Term Project

Why a Project?

This course covers a very large discipline, and - perhaps more so than many other areas of computer science - the discipline of computer security runs through many other areas. Because the class has a very limited amount of time, we will only touch the surface of many topics. The project is to give you an opportunity to explore one of these topics, or some other area or application of computer security that interests you, in some depth.

The Ground Rules

You may select a project from the list below (in most cases, you will need to refine or limit the suggestions). You may also think of a project on your own. The project can be a detailed research report or survey, or a programming project. In any case, check with me before beginning to be sure it is a reasonable project and no-one else has chosen it. Please select something that interests you!

You may work individually, or in groups of up to 4 people (if you want to have more than 4, please come see me). Of course, the larger the group, the more we will expect from it!

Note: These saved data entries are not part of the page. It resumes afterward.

(* Let $K$ be a field, $q\in K\setminus\{0\}$ not a root of unity, and let $A=K\langle a,b\rangle/(ab-qba)$ be the coordinate ring of the quantum plane. Let $w=ab$ (a normal element), and let $\sigma$ be the automorphism of $A$ with $\sigma(a)=q^{-1}a$, $\sigma(b)=qb$, so that $wy=\sigma(y)w$ for all $y\in A$. Let $J=A(ab-1)$ and $x=a-1$. Then: (a) $J$ is a maximal left ideal of $A$, and for every $m\ge 0$ there is no $c\in A$ with $\sigma^m(x)c-1\in J$; (b) the left $A$-module $N=A/Ax$ is not artinian, and its nonzero submodules are exactly the modules $w^mN$, $m\ge 0$, which form a strictly descending chain $N\supsetneq wN\supsetneq w^2N\supsetneq\cdots$. *)

From HB Require Import structures.
From mathcomp Require Import all_boot all_order all_algebra.
Set Implicit Arguments. Unset Strict Implicit. Unset Printing Implicit Defensive.
Import Order.TTheory GRing.Theory Num.Theory.
Local Open Scope ring_scope.

(* The quantum plane A = K<a,b>/(ab - q ba), presented via its PBW basis
   a^i b^j.  An element  sum_{i,j} c_{ij} a^i b^j  is stored as the
   bivariate polynomial  sum_i (sum_j c_{ij} Y^j) X^i  in {poly {poly K}}
   (outer variable = a, inner variable = b); this representation is
   canonical, so Leibniz equality is equality in A.  Addition, negation,
   0 and 1 are those of {poly {poly K}}; the (noncommutative) product is
   qmul, determined by  (a^i b^j)(a^k b^l) = q^{-jk} a^{i+k} b^{j+l}
   (equivalently  ba = q^{-1} ab, i.e. ab - q ba = 0). *)

Section QuantumPlane.
Variables (K : fieldType) (q : K).
Lemma survival_sum_succ (T : nat) (s : St) :
  goal s = false -> survival_sum (S T) s = 1 + E (K s) (survival_sum T).
Proof.
  intros Hg. unfold survival_sum. rewrite <- cons_seq, <- seq_shift.
  simpl map. rewrite map_map. unfold sumR at 1. simpl fold_right. rewrite Hg. f_equal.
  fold (sumR (map (fun t => E (K s) (survive K goal t)) (seq 0 T))).
  unfold E. rewrite sumR_swap. apply sumR_ext_in. intros pq _. apply sumR_scale.
Qed.

Lemma pot_drop (m m' : nat) : (m' <= m)%nat -> INR m' <= INR m - ind (m' <? m)%nat.
Proof.
  intros Hle. destruct (m' <? m)%nat eqn:Hlt; simpl.
  - apply Nat.ltb_lt, le_INR in Hlt. rewrite S_INR in Hlt. lra.
  - apply Nat.ltb_ge in Hlt. replace m' with m by lia. lra.
Qed.

(* By induction on T: one step costs 1 and lowers the expected potential/p by
   at least p/p = 1. *)
Theorem drift_bound (T : nat) (s : St) :
  Inv s -> survival_sum T s <= INR (pot s) / p.
Proof.
  assert (Hdiv : forall s, 0 <= INR (pot s) / p)
    by (intros; unfold Rdiv;
        apply Rmult_le_pos; [apply pos_INR|apply Rlt_le, Rinv_0_lt_compat, p_pos]).
  revert s. induction T as [|T IH]; intros s Hs; [apply Hdiv|].
  destruct (goal s) eqn:Hg; [rewrite survival_sum_goal; auto|].
  rewrite survival_sum_succ by exact Hg.
  destruct (K_subdist s Hs) as [Hn Hm].
  set (m := pot s). set (drop := fun s' => ind (pot s' <? m)%nat).
  assert (Hstep : E (K s) (survival_sum T) <= E (K s) (fun s' => / p * (INR m - drop s'))).
  { apply E_mono; [exact Hn|]. intros pq Hpq. destruct (K_monotone s Hs pq Hpq) as [Hi Hle].
    eapply Rle_trans; [apply IH, Hi|]. unfold Rdiv. rewrite Rmult_comm.
    apply Rmult_le_compat_l; [apply Rlt_le, Rinv_0_lt_compat, p_pos|].
    now apply pot_drop. }
  rewrite E_scale, E_affine in Hstep.
  assert (Hprog : p <= E (K s) drop) by exact (K_progress s Hs Hg).
  assert (Hmass : INR m * mass (K s) <= INR m).
  { rewrite <- (Rmult_1_r (INR m)) at 2. apply Rmult_le_compat_l; [apply pos_INR|exact Hm]. }
  assert (Hfin : / p * (INR m * mass (K s) - E (K s) drop) <= / p * (INR m - p)).
  { apply Rmult_le_compat_l; [apply Rlt_le, Rinv_0_lt_compat, p_pos|lra]. }
  replace (INR m / p) with (1 + / p * (INR m - p)) by (field; lra).
  lra.
Qed.

End Drift.

Lemma lits_valid (n : nat) (u : lit) : In u (lits n) -> tvalid n (Leaf u).
Proof.
  unfold lits. intros H. apply in_flat_map in H. destruct H as [i [Hi Hu]].
  apply in_seq in Hi. simpl in Hu. destruct Hu as [<-|[<-|[]]]; simpl; lia.
Qed.

Lemma subs_valid (n : nat) (t : tree) (u : lit) : tvalid n t -> tvalid n (Leaf u) ->
  forall t', In t' (subs t u) -> tvalid n t'.
Proof.
  induction t as [v|l IHl r IHr]; simpl; intros Ht Hu t' Hin.
  - destruct Hin as [<-|[]]; auto.
  - destruct Ht as [Hl Hr]. apply in_app_or in Hin.
    destruct Hin as [Hin|Hin]; apply in_map_iff in Hin; destruct Hin as [x [<- Hx]];
      simpl; split; auto.
Qed.

Lemma ins_valid (n : nat) (t : tree) (u : lit) : tvalid n t -> tvalid n (Leaf u) ->
  forall t', In t' (ins t u) -> tvalid n t'.
Proof.
  induction t as [v|l IHl r IHr]; simpl; intros Ht Hu t' Hin.
  - destruct Hin as [<-|[<-|[]]]; simpl; auto.
  - destruct Hin as [<-|[<-|Hin]]; [simpl; auto|simpl; auto|].
    destruct Ht as [Hl Hr]. apply in_app_or in Hin.
    destruct Hin as [Hin|Hin]; apply in_map_iff in Hin; destruct Hin as [x [<- Hx]];
      simpl; split; auto.
Qed.

Lemma del_valid_smaller (n : nat) (t : tree) :
  forall t', In t' (del t) -> (tvalid n t -> tvalid n t') /\ (tsize t' < tsize t)%nat.
Proof.
  induction t as [v|l IHl r IHr]; simpl; intros t' Hin; [tauto|].
  apply in_app_or in Hin. destruct Hin as [Hin|Hin].
  - destruct l as [v|l1 l2]; simpl in Hin.
    + destruct Hin as [<-|[]]; simpl; split; [tauto|lia].
    + apply in_map_iff in Hin. destruct Hin as [x [<- Hx]].
      destruct (IHl x Hx) as [Hv Hs]. simpl in *. split; [tauto|lia].
  - destruct r as [v|r1 r2]; simpl in Hin.
    + destruct Hin as [<-|[]]; simpl; split; [tauto|lia].
    + apply in_map_iff in Hin. destruct Hin as [x [<- Hx]].
      destruct (IHr x Hx) as [Hv Hs]. simpl in *. split; [tauto|lia].
Qed.

Lemma del_nonempty (l r : tree) : del (Join l r) <> [].
Proof.
  revert r. induction l as [v|l1 IH1 l2 IH2]; intros r; [discriminate|].
  change (map (fun l' => Join l' r) (del (Join l1 l2)) ++
     (match r with Leaf _ => [Join l1 l2] | _ => map (Join (Join l1 l2)) (del r) end)
     <> []).
  intros H. apply app_eq_nil in H. destruct H as [H _].
  apply map_eq_nil in H. exact (IH1 l2 H).
Qed.

Lemma hvl_subdist (n : nat) (X : stree) : subdist (hvl n X).
Proof.
  assert (Hops : subdist (substitute_d n X) /\ subdist (insert_d n X) /\ subdist (delete_d X)).
  { destruct X as [[u|l r]|]; simpl;
      repeat split; try apply subdist_uniform; apply subdist_dret. }
  destruct Hops as [[Hn1 Hm1] [[Hn2 Hm2] [Hn3 Hm3]]].
  assert (Hthird : 0 <= 1 / 3) by lra.
  split.
  - unfold hvl. repeat apply nonneg_app; apply nonneg_dscale; auto.
  - unfold hvl, mass in *. rewrite !E_app, !E_dscale. lra.
Qed.

Lemma hvl_valid (n : nat) (X : stree) : valid n X -> Sup (hvl n X) (valid n).
Proof.
  intros HX. unfold hvl. repeat apply Sup_app; apply Sup_dscale;
    destruct X as [t|]; simpl in *; try (apply Sup_dret; exact I).
  - apply Sup_uniform. intros x Hx. apply in_flat_map in Hx. destruct Hx as [u [Hu Hx]].
    apply in_map_iff in Hx. destruct Hx as [t' [<- Ht']].
    eapply subs_valid; eauto. apply lits_valid; auto.
  - apply Sup_uniform. intros x Hx. apply in_flat_map in Hx. destruct Hx as [u [Hu Hx]].
    apply in_map_iff in Hx. destruct Hx as [t' [<- Ht']].
    eapply ins_valid; eauto. apply lits_valid; auto.
  - apply Sup_uniform. intros x Hx. apply in_map_iff in Hx. destruct Hx as [u [<- Hu]].
    apply lits_valid; auto.
  - destruct t; [apply Sup_dret; exact I|].
    apply Sup_uniform. intros x Hx. apply in_map_iff in Hx. destruct Hx as [t' [<- Ht']].
    apply (del_valid_smaller n _ t' Ht'); auto.
Qed.

Lemma hvl_iter_subdist_valid (n m : nat) (X : stree) :
  subdist (hvl_iter n m X) /\ (valid n X -> Sup (hvl_iter n m X) (valid n)).
Proof.
  induction m as [|m [IHd IHv]]; simpl.
  - split; [apply subdist_dret|intros; apply Sup_dret; auto].
  - split; [apply subdist_dbind; auto; apply hvl_subdist|].
    intros HX. apply Sup_dbind. intros pq Hpq. apply hvl_valid, (IHv HX pq Hpq).
Qed.

Lemma exp1_partial_sum (J : nat) : sum_f_R0 (fun i => / INR (fact i) * 1 ^ i) J <= exp 1.
Proof.
  apply (growing_ineq (fun N => sum_f_R0 (fun i => / INR (fact i) * 1 ^ i) N)).
  - intros N. rewrite tech5, pow1, Rmult_1_r.
    assert (0 < / INR (fact (S N))) by (apply Rinv_0_lt_compat, INR_fact_lt_0). lra.
  - exact (proj2_sig (exist_exp 1)).
Qed.
(* Let $G=(\mathcal V,\mathcal E)$ be a strongly connected digraph with $N>2$ nodes and let the weights $p_{ij}(k)$, $\alpha_i(k)$ be generated as in the Privacy-Preserving Push-Sum Algorithm described in the context. For $k\ge 1$ define the $2N\times 2N$ matrices $$\hat P(k)=\begin{bmatrix} P(k) & I_N\\ \Lambda(k) & 0\end{bmatrix},\qquad P(k)=[p_{ij}(k)]_{i,j=1}^N,\quad \Lambda(k)=\mathrm{diag}(\alpha_1(k),\dots,\alpha_N(k)),$$ and $T_k=\hat P(k)\hat P(k-1)\cdots \hat P(1)$. Then the coefficient of ergodicity $\delta(T_k)$ converges to $0$ almost surely as $k\to\infty$.
   Context: Digraph conventions: $\mathcal V=\{1,\dots,N\}$, no self-loops; $(j,i)\in\mathcal E$ means node $i$ can send messages to node $j$. $N_i^{in}=\{j:(i,j)\in\mathcal E\}$, $N_i^{out}=\{j:(j,i)\in\mathcal E\}$. Strongly connected: a directed path exists from any node to any other node. Privacy-Preserving Push-Sum Algorithm (each node $i$ has a private real initial state $x_i(0)$; $M>0$ is a fixed constant). Initialization: node $i$ draws $x^\alpha_{i,1}(0)\sim U(-M,M)$ and sets $x^\beta_{i,1}(0)=2x_i(0)-x^\alpha_{i,1}(0)$, $x^\alpha_{i,2}(0)=0$, $x^\beta_{i,2}(0)=2$. Weights: at $k=0$, node $i$ draws the numbers $\{p_{ji}(0):j\in N_i^{out}\cup\{i\}\}$ and $\alpha_i(0)$ independently from $\mathcal N(0,M)$ and normalizes them so that $\sum_{j=1}^N p_{ji}(0)+\alpha_i(0)=1$; at each $k\ge1$, node $i$ draws $\{p_{ji}(k):j\in N_i^{out}\cup\{i\}\}$ and $\alpha_i(k)$ independently from $U(0,1)$ and normalizes them so that $\sum_{j=1}^N p_{ji}(k)+\alpha_i(k)=1$; in all cases $p_{ji}(k)=0$ if $j\notin N_i^{out}\cup\{i\}$. State update, for $k\ge0$, $l=1,2$: node $i$ sends $p_{ji}(k)x^\alpha_{i,l}(k)$ to each $j\in N_i^{out}$ and updates $$x^\alpha_{i,l}(k+1)=\sum_{j\in N_i^{in}\cup\{i\}}p_{ij}(k)x^\alpha_{j,l}(k)+x^\beta_{i,l}(k),\qquad x^\beta_{i,l}(k+1)=\alpha_i(k)x^\alpha_{i,l}(k).$$ Node $i$'s estimated average is $\hat x^{ave}_i(k+1)=x^\alpha_{i,1}(k+1)/x^\alpha_{i,2}(k+1)$. The substate $x^\beta_{i,l}$ is never transmitted. Coefficient of ergodicity: for a column-stochastic matrix $P_c$, $\delta(P_c)=\max_j\max_{i_1,i_2}|[P_c]_{j i_1}-[P_c]_{j i_2}|$. *)

From HB Require Import structures.
From mathcomp Require Import all_boot all_order all_algebra.
From mathcomp Require Import all_classical all_reals all_analysis.
Set Implicit Arguments. Unset Strict Implicit. Unset Printing Implicit Defensive.
Import Order.TTheory GRing.Theory Num.Theory.
Import numFieldNormedType.Exports.
Local Open Scope classical_set_scope.
Local Open Scope ring_scope.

Some Suggestions for Project and Report Topics

• Malicious logic and biology: how computer worms, viruses, etc. compare to their biological counterparts
• Security requirements in an academic environment (or another environment; medical environments are a hot topic right now)
• Automating policy checking (to ensure your computer/site meets a given policy) and/or definition
• Authenticating users and systems (especially over untrusted networks)
• Factoring a number
• Design and implement a firewall with specific properties and features
• Electronic voting machines and computer security
• Modifying access control mechanisms to the UNIX system (for example, adding rings or capabilities)
• Rights and amplification of rights in a capability-based system
• Secure electronic mail: proposed standards
• Design a program (or set of programs) to break a cipher; for example, a cryptographers' toolkit (you will have to narrow this down a great deal)
• Analyzing and/or testing programs for vulnerabilities (pick a couple as examples)
• Intrusion detection and incident response (incident response is a new, and very hot, area right now)
• Write a large (useful) program using the techniques we discussed in class, and argue convincingly why it is "secure" (mail server, WWW server, etc.; these may have limited functionality)
• Analyzing a system's or site's security. (We are making arrangements to have access to an "intrusion tolerant" system, and the designers would love to see if anyone can defeat or evade the mechanisms. Ask for details!)
• Security features of IP version 6 (or ATM, or SSL, or another protocol): how good are they?
• Comparing Windows NT security tools and UNIX security tools (with respect to functionality, trustworthiness, ease of use, etc.)
• Developing a security tool (you can pick what you want to write, but please check with me first!)
• Attacking systems; how, who, why, and so forth

What Is Due

Please submit the following on the dates indicated:

1. Project selection: due date: January 22, 2003; weight: 10% of project score
   Pick your team member(s), if anyone other than you. Submit a web page with your team members, a one-line title of your project, and a short description. If you're doing a paper, state the theme and why you chose it. If you're doing a programming project, state the problem you want to solve and the requirements for a solution. A template for the web page will be available on January 15 on MyUCDavis.
2. Project design: due date: February 5, 2003; weight: 30% of project score
   Submit a detailed plan for your project (and any team member changes) to the web page you already submitted. If you're doing a paper, you need to send a detailed outline, plus enough background and references to convince me you can turn this into a good, solid term paper. If you're doing a programming project, you need to have a set of specifications and a design document, and show that your program will solve the problem you are tackling. Again, a template for the web page will be available on January 29 on MyUCDavis.
3. Project: due date: March 14, 2003; weight:60% of project score
   Submit your completed project. You need not submit a web page for this.

In all cases, submit the project to MyUCDavis as described in All About Homework. If a team has multiple members, only one need submit the material, but the names of all team members must be on the submission.